## PROBLEM DETAILS
Every entry must be transcribed exactly as written.

########################################

Definition coboundaryCA (c : C) : TCA :=
  @finfun _ (fun x => kernel_sum_quot (pij x.1.1 x.1.2) (p x.2))
    (fun x => kernel_sum_factor _ _ (@pij_surj x.1.1 x.2) (c (x.1.1, x.2))
            - kernel_sum_factor _ _ (@pij_surj x.1.2 x.2) (c (x.1.2, x.2))).

Lemma coboundaryCA_add : additive_fun C TCA coboundaryCA.
Proof.
move=> c c'; apply/ffunP=> -[[i j] k]; rewrite !ffunE /=.
rewrite (kernel_sum_factor_add _ (@kernel_sum_ik i j k)).
by rewrite (kernel_sum_factor_add _ (@kernel_sum_jk i j k)) opprD addrACA.
Qed.

Lemma coboundaryCA_tensor m n : coboundaryCA (tensorAA m n) = tensorCA (coboundary m) n.
Proof.
apply/ffunP=> -[[i j] k]; rewrite !ffunE /=.
rewrite -[m i](preimageK (@p_surj i)) -[m j](preimageK (@p_surj j)).
rewrite -[n k](preimageK (@p_surj k)) !pl_comp !pr_comp -!rmorphM -rmorphB.
rewrite (kernel_sum_factorE _ (@kernel_sum_ik i j k)).
rewrite (kernel_sum_factorE _ (@kernel_sum_jk i j k)).
by rewrite kernel_sum_tensorE mulrBl (additive_funB (kernel_sum_pi_add _ _)).
Qed.
Lemma swap_gain_le_threshold_mixture (A : Type) (U : A -> bool -> R)
    (r : R -> A) (sigma : A -> A) :
  (forall a y, 0 <= U a y <= 1) -> is_best_response U r ->
  swap_gain D U r sigma <=
  \sum_(0 <= j < m.+1)
    kink m U r j * \sum_(k < m.+1) piw D k * threshold_regret m j k (qw D k).
Proof.
move=> U01 r_best; rewrite /swap_gain.
under eq_bigr do rewrite point_gainE.
apply: le_trans (_ : \sum_(k < m.+1) piw D k *
    \sum_(0 <= j < m.+1) kink m U r j * threshold_regret m j k (qw D k) <= _).
  apply: ler_sum => k _; rewrite ler_wpM2l ?piw_ge0 //.
  exact: (regret_le_threshold_mixture m_gt0 U01 r_best _ (ltn_ord k) (qw_bounds k)).
under eq_bigr do rewrite mulr_sumr.
rewrite exchange_big /=; apply: ler_sum => j _; rewrite mulr_sumr.
by apply: ler_sum => k _; rewrite mulrCA.
Qed.

End GridDistribution.

Theorem lemma4p7 (R : realFieldType) (m : nat) (hm : (0 < m)%N)
  (D : 'I_m.+1 -> bool -> R) (hD : is_distr D)
  (A : Type) (U : A -> bool -> R)
  (hU : forall a y, 0 <= U a y <= 1)
  (r : R -> A) (hr : is_best_response U r) (sigma : A -> A) :
  swap_gain D U r sigma <= 2 * SCDL D + 2 / m%:R.
Proof.
apply: le_trans (swap_gain_le_threshold_mixture hm hD sigma hU hr) _.
apply: le_trans (_ : \sum_(0 <= j < m.+1) kink m U r j * (SCDL D + m%:R^-1) <= _).
  apply: ler_sum_nat => j /andP[_ le_jm].
  by rewrite ler_wpM2l ?(kink_ge0 hm hU hr) ?(threshold_risk_le_SCDL hm hD).
by rewrite -mulr_suml sum_kink mulrDr.
Qed.
Lemma Pi_rho1_efficient p1 : Pi_rho 1 p1 -> (0 < risk p1)%E -> rho_efficient p1.
Proof.
move=> opt1 risk_gt0; have [/PiE mean1 [risk_lty _]] := opt1.
split; first by rewrite mean1 lee_fin ler01.
move=> [p [mean_le risk_le strict]].
have mean_p := fineK (mean_fin_num p); set nu := fine (mean p) in mean_p.
have nu_ge1 : 1 <= nu by move: mean_le; rewrite mean1 -mean_p lee_fin.
have nu_gt0 : 0 < nu := lt_le_trans ltr01 nu_ge1.
have [_ [_ min_nu]] := Pi_rhoZ nu_gt0 opt1.
have := min_nu p; rewrite mulr1 riskZ // => /(_ (esym mean_p)) risk_ge.
have fin_p1 := risk_fin_num risk_lty.
have fin_p := risk_fin_num (le_lt_trans risk_le risk_lty).
move: risk_gt0 risk_le strict risk_ge; rewrite mean1 -mean_p.
rewrite -(fineK fin_p1) -(fineK fin_p) -EFinM !lte_fin !lee_fin.
set x := fine (risk p1); set y := fine (risk p).
move=> x_gt0 y_le_x [nu_gt1|y_lt_x] nux_le_y.
  by have := le_trans nux_le_y y_le_x; rewrite ger_pMl // leNgt nu_gt1.
have x_le_nux : x <= nu * x by rewrite ler_pMl.
by have := lt_le_trans y_lt_x (le_trans x_le_nux nux_le_y); rewrite ltxx.
Qed.

Lemma Pi_rho0_efficient p0 : Pi_rho 1 = set0 -> (0 <= rho_opt 1)%E ->
  Pi_rho 0 p0 -> rho_efficient p0.
Proof.
move=> no_opt1 opt1_ge0 opt0; have risk0 := Pi_rho0_risk opt0.
have [mean0 [_ min0]] := opt0.
split; first by rewrite mean0.
move=> [p [mean_le risk_le strict]]; rewrite risk0 in risk_le strict.
have mean_p := fineK (mean_fin_num p); set nu := fine (mean p) in mean_p.
have : 0 <= nu by move: mean_le; rewrite mean0 -mean_p lee_fin.
rewrite le_eqVlt => /orP[/eqP nu0|nu_gt0].
  have risk_ge0 : (0 <= risk p)%E.
    by rewrite -risk0; apply: min0; apply/PiE; rewrite -mean_p -nu0.
  case: strict => [|risk_lt0]; first by rewrite mean0 -mean_p -nu0 ltxx.
  by have := lt_le_trans risk_lt0 risk_ge0; rewrite ltxx.
suff : Pi_rho 1 (nu^-1 *: p) by rewrite no_opt1.
have risk_le0 : (risk (nu^-1 *: p) <= 0)%E.
  rewrite riskZ ?invr_gt0 //.
  by apply: mule_ge0_le0; rewrite // lee_fin invr_ge0 ltW.
apply: Pi_rho_of_le_rho_opt; last exact: le_trans opt1_ge0.
  by apply/PiE; rewrite meanZ -mean_p -EFinM mulVf ?gt_eqF.
exact: le_lt_trans risk_le0 (ltry _).
Qed.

########################################

## TASK RESULT
Definition coboundaryCA (c : C) : TCA :=
  @finfun _ (fun x => kernel_sum_quot (pij x.1.1 x.1.2) (p x.2))
    (fun x => kernel_sum_factor _ _ (@pij_surj x.1.1 x.2) (c (x.1.1, x.2))
            - kernel_sum_factor _ _ (@pij_surj x.1.2 x.2) (c (x.1.2, x.2))).

Lemma coboundaryCA_add : additive_fun C TCA coboundaryCA.
Proof.
move=> c c'; apply/ffunP=> -[[i j] k]; rewrite !ffunE /=.
rewrite (kernel_sum_factor_add _ (@kernel_sum_ik i j k)).
by rewrite (kernel_sum_factor_add _ (@kernel_sum_jk i j k)) opprD addrACA.
Qed.

Lemma coboundaryCA_tensor m n : coboundaryCA (tensorAA m n) = tensorCA (coboundary m) n.
Proof.
apply/ffunP=> -[[i j] k]; rewrite !ffunE /=.
rewrite -[m i](preimageK (@p_surj i)) -[m j](preimageK (@p_surj j)).
rewrite -[n k](preimageK (@p_surj k)) !pl_comp !pr_comp -!rmorphM -rmorphB.
rewrite (kernel_sum_factorE _ (@kernel_sum_ik i j k)).
rewrite (kernel_sum_factorE _ (@kernel_sum_jk i j k)).
by rewrite kernel_sum_tensorE mulrBl (additive_funB (kernel_sum_pi_add _ _)).
Qed.
Lemma swap_gain_le_threshold_mixture (A : Type) (U : A -> bool -> R)
    (r : R -> A) (sigma : A -> A) :
  (forall a y, 0 <= U a y <= 1) -> is_best_response U r ->
  swap_gain D U r sigma <=
  \sum_(0 <= j < m.+1)
    kink m U r j * \sum_(k < m.+1) piw D k * threshold_regret m j k (qw D k).
Proof.
move=> U01 r_best; rewrite /swap_gain.
under eq_bigr do rewrite point_gainE.
apply: le_trans (_ : \sum_(k < m.+1) piw D k *
    \sum_(0 <= j < m.+1) kink m U r j * threshold_regret m j k (qw D k) <= _).
  apply: ler_sum => k _; rewrite ler_wpM2l ?piw_ge0 //.
  exact: (regret_le_threshold_mixture m_gt0 U01 r_best _ (ltn_ord k) (qw_bounds k)).
under eq_bigr do rewrite mulr_sumr.
rewrite exchange_big /=; apply: ler_sum => j _; rewrite mulr_sumr.
by apply: ler_sum => k _; rewrite mulrCA.
Qed.

End GridDistribution.

Theorem lemma4p7 (R : realFieldType) (m : nat) (hm : (0 < m)%N)
  (D : 'I_m.+1 -> bool -> R) (hD : is_distr D)
  (A : Type) (U : A -> bool -> R)
  (hU : forall a y, 0 <= U a y <= 1)
  (r : R -> A) (hr : is_best_response U r) (sigma : A -> A) :
  swap_gain D U r sigma <= 2 * SCDL D + 2 / m%:R.
Proof.
apply: le_trans (swap_gain_le_threshold_mixture hm hD sigma hU hr) _.
apply: le_trans (_ : \sum_(0 <= j < m.+1) kink m U r j * (SCDL D + m%:R^-1) <= _).
  apply: ler_sum_nat => j /andP[_ le_jm].
  by rewrite ler_wpM2l ?(kink_ge0 hm hU hr) ?(threshold_risk_le_SCDL hm hD).
by rewrite -mulr_suml sum_kink mulrDr.
Qed.
Lemma Pi_rho1_efficient p1 : Pi_rho 1 p1 -> (0 < risk p1)%E -> rho_efficient p1.
Proof.
move=> opt1 risk_gt0; have [/PiE mean1 [risk_lty _]] := opt1.
split; first by rewrite mean1 lee_fin ler01.
move=> [p [mean_le risk_le strict]].
have mean_p := fineK (mean_fin_num p); set nu := fine (mean p) in mean_p.
have nu_ge1 : 1 <= nu by move: mean_le; rewrite mean1 -mean_p lee_fin.
have nu_gt0 : 0 < nu := lt_le_trans ltr01 nu_ge1.
have [_ [_ min_nu]] := Pi_rhoZ nu_gt0 opt1.
have := min_nu p; rewrite mulr1 riskZ // => /(_ (esym mean_p)) risk_ge.
have fin_p1 := risk_fin_num risk_lty.
have fin_p := risk_fin_num (le_lt_trans risk_le risk_lty).
move: risk_gt0 risk_le strict risk_ge; rewrite mean1 -mean_p.
rewrite -(fineK fin_p1) -(fineK fin_p) -EFinM !lte_fin !lee_fin.
set x := fine (risk p1); set y := fine (risk p).
move=> x_gt0 y_le_x [nu_gt1|y_lt_x] nux_le_y.
  by have := le_trans nux_le_y y_le_x; rewrite ger_pMl // leNgt nu_gt1.
have x_le_nux : x <= nu * x by rewrite ler_pMl.
by have := lt_le_trans y_lt_x (le_trans x_le_nux nux_le_y); rewrite ltxx.
Qed.

Lemma Pi_rho0_efficient p0 : Pi_rho 1 = set0 -> (0 <= rho_opt 1)%E ->
  Pi_rho 0 p0 -> rho_efficient p0.
Proof.
move=> no_opt1 opt1_ge0 opt0; have risk0 := Pi_rho0_risk opt0.
have [mean0 [_ min0]] := opt0.
split; first by rewrite mean0.
move=> [p [mean_le risk_le strict]]; rewrite risk0 in risk_le strict.
have mean_p := fineK (mean_fin_num p); set nu := fine (mean p) in mean_p.
have : 0 <= nu by move: mean_le; rewrite mean0 -mean_p lee_fin.
rewrite le_eqVlt => /orP[/eqP nu0|nu_gt0].
  have risk_ge0 : (0 <= risk p)%E.
    by rewrite -risk0; apply: min0; apply/PiE; rewrite -mean_p -nu0.
  case: strict => [|risk_lt0]; first by rewrite mean0 -mean_p -nu0 ltxx.
  by have := lt_le_trans risk_lt0 risk_ge0; rewrite ltxx.
suff : Pi_rho 1 (nu^-1 *: p) by rewrite no_opt1.
have risk_le0 : (risk (nu^-1 *: p) <= 0)%E.
  rewrite riskZ ?invr_gt0 //.
  by apply: mule_ge0_le0; rewrite // lee_fin invr_ge0 ltW.
apply: Pi_rho_of_le_rho_opt; last exact: le_trans opt1_ge0.
  by apply/PiE; rewrite meanZ -mean_p -EFinM mulVf ?gt_eqF.
exact: le_lt_trans risk_le0 (ltry _).
Qed.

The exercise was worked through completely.